Из голубых ущелий вырвался вдруг утренний ветер, пронесся по белым, тихим пастбищам и шевельнул старые дубы вокруг. И на Евгения Ивановича тихо посыпались листья, точно золотые кораблики, неслись они в солнечном воздухе, колебались, кружились и, тихо скрываясь в голубых безднах, нежно напоминали о конце всех концов. И вдруг вспомнилось осеннее утро в золотой Засеке, и вся та старая, безвозвратно ушедшая куда-то жизнь, и седая женщина в черном с трясущейся головой… И точно невидимая рука какая-то тихонько спустила радостно вибрировавшие струны его души, и печально зазвенели в памяти печальные слова поэта-тамила, жившего тысячу лет тому назад, слова, которые он поставил эпиграфом к своей тайной тетради, к Книге Живота своего:
Господи, в темноте хожу я… Где же свет? Есть ли свет? Ничего не знаю. Только спрашиваю себя: Есть ли свет? Где же свет? Господи, в пустыне брожу я! Где же путь? Есть ли путь? Как прийти мне к тебе, спрашиваю я себя. Неужели нет пути? Где же путь?«Да, жизнь кончается, и вся она была тихое страдание… — подумал он печально, поднимая свои мученические глаза в ясное небо. — Зачем? За что? Почему? Почему бросил ты меня в пучины жизни таким беспомощным? Зачем нужны тебе страдания мои? Никак не могу я поверить, чтобы ты хотел, чтобы я страдал!
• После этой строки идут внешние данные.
Lemma balance_support N M q i : (N + S M <= i)%nat -> balance N M q i = 0%C.
Proof.
  intros Hi. unfold balance.
  destruct (Nat.ltb_spec i N); [lia|]. destruct (Nat.ltb_spec i (N + S M)); [lia | reflexivity].
Qed.

Lemma balance_sum N M q : csum (balance N M q) (N + S M) = 0%C.
Proof.
  rewrite csum_add_range.
  rewrite (csum_ext (balance N M q) q),
    (csum_ext (fun j => balance N M q (N + j)) (fun _ => RtoC (/ INR (S M)) * - csum q N)%C),
    csum_const.
  - rewrite RtoC_mult_inv_l by (apply not_0_INR; lia). apply Cplus_opp_r.
  - intros j Hj. unfold balance.
    destruct (Nat.ltb_spec (N + j) N); [lia|].
    destruct (Nat.ltb_spec (N + j) (N + S M)); [reflexivity | lia].
  - intros i Hi. unfold balance. destruct (Nat.ltb_spec i N); [reflexivity | lia].
Qed.

Lemma sqnorm_le_balance_sub N M q g d B : 0 <= d ->
  (forall i, (i < N)%nat -> Cmod (q i - g i) ^ 2 <= d) ->
  sqnorm_le (fun i => if (i <? N)%nat then 0%C else g i) B ->
  sqnorm_le (fun i => balance N M q i - g i)%C
    (2 * (2 * (INR N * d) + 2 * (Cmod (csum q N) ^ 2 / INR (S M))) + 2 * B).
Proof.
  intros Hd Hq Htail.
  set (d1 := (fun i => if (i <? N)%nat then q i - g i else 0)%C : nat -> C).
  set (d2 := (fun i => if (i <? N)%nat then 0 else balance N M q i)%C : nat -> C).
  set (d3 := (fun i => - (if (i <? N)%nat then 0 else g i))%C : nat -> C).
  replace (fun i => balance N M q i - g i)%C with (fun i => (d1 i + d2 i) + d3 i)%C.
  2: { apply functional_extensionality. intros i. unfold d1, d2, d3, balance.
       destruct (Nat.ltb_spec i N); ring. }
  assert (HSM : 0 < INR (S M)) by (apply lt_0_INR; lia).
  apply sqnorm_le_add; [apply sqnorm_le_add|].
  - apply (sqnorm_le_weaken _ (sqsum d1 N)).
    + rewrite <- (Rmult_1_l d) at 1. rewrite <- rsum_const.
      apply rsum_le. intros i Hi. unfold d1.
      destruct (Nat.ltb_spec i N); [|lia]. rewrite Rmult_1_l. auto.
    + apply sqnorm_le_finite. intros i Hi. unfold d1.
      destruct (Nat.ltb_spec i N); [lia | reflexivity].
  - apply (sqnorm_le_weaken _ (sqsum d2 (N + S M))).
    + unfold sqsum. rewrite rsum_add_range, rsum_eq_0, Rplus_0_l.
      * rewrite (rsum_ext _ (fun _ => (/ INR (S M)) ^ 2 * Cmod (csum q N) ^ 2)), rsum_const.
        -- right. field. lra.
        -- intros j Hj. unfold d2, balance.
           destruct (Nat.ltb_spec (N + j) N); [lia|].
           destruct (Nat.ltb_spec (N + j) (N + S M)); [|lia].
           rewrite Cmod_RtoC_mult_sq, Cmod_opp. reflexivity.
      * intros i Hi. unfold d2. destruct (Nat.ltb_spec i N); [|lia]. rewrite Cmod_0. ring.
    + apply sqnorm_le_finite. intros i Hi. unfold d2.
      destruct (Nat.ltb_spec i N); [lia|]. apply balance_support. exact Hi.
  - intros K. unfold sqsum, d3.
    rewrite (rsum_ext _ (fun i => Cmod (if (i <? N)%nat then 0%C else g i) ^ 2)).
    + apply Htail.
    + intros i _. rewrite Cmod_opp. reflexivity.
Qed.

(* The code [c] of [dense_vec c] stands for a triple [(N, (M, r))]: the first [N]
   coordinates are the complex numbers coded by the list [r], followed by [S M]
   balancing coordinates. *)
Definition dense_vec (c : nat) : nat -> C :=
  balance (fst (of_nat c)) (fst (of_nat (snd (of_nat c))))
    (fun i => C_of_code (code_nth (snd (of_nat (snd (of_nat c)))) i)).

Definition dense_len (c : nat) : nat := fst (of_nat c) + S (fst (of_nat (snd (of_nat c)))).

Lemma dense_vec_support c i : (dense_len c <= i)%nat -> dense_vec c i = 0%C.
Proof. apply balance_support. Qed.

Lemma dense_vec_sum c : csum (dense_vec c) (dense_len c) = 0%C.
Proof. apply balance_sum. Qed.

Lemma inH2_dense_vec c : inH2 (dense_vec c).
Proof. apply (inH2_of_sqnorm_le _ _ (sqnorm_le_finite _ _ (dense_vec_support c))). Qed.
А я вот страдаю, страдаю, страдаю — и оттого, что не так прожита жизнь моя, и что скоро конец ей, неудачной, и что ничего мною не сделано, и что нет у меня сил вырваться из плена ее, и что за моментом подъема, когда душа, как проснувшийся лебедь, заплещет вдруг белыми крыльями, у меня идет всегда опять безверие, сознание бесполезности всяких усилий, отчаяние, потому что около памятника неизвестному предку, открывшему впервые лен, я буду непременно думать, что из этого льна сделали веревки, чтобы вешать людей, около памятника неизвестному поэту, впервые восторженно уронившему в бездны мира первую молитву, я буду думать, что из первой молитвы этой выросли религиозные войны, и инквизиция, и Святейший Синод, и Иван Кронштадтский, потому что знаю я, что стоит красиво сказать людям о лозунге сегодняшнего утра моего ad astras, [127] как тотчас же будут образованы общества, союзыи лиги «Ad astras!», и будут члены почетные и непочетные, и интриги, и газеты, и расколы, и вражда, и будут люди во имя светлых звезд поливать друг друга помоями и кровью, и Тарабукин, может быть, будет избран почетным председателем такой лиги… Господи, Боже мой, я пошел бы на Голгофу без колебания, если бы знал я, что из подвига моего вырастет хоть немного радости, но я знаю, что радости не будет, и вот я боюсь и пальцем шевельнуть… И в конце всех этих терзаний моих, и близко, знаю я, стоит неразгаданная загадка могилы, в которой, по-видимому, кончается все…
127
К звездам (лат.).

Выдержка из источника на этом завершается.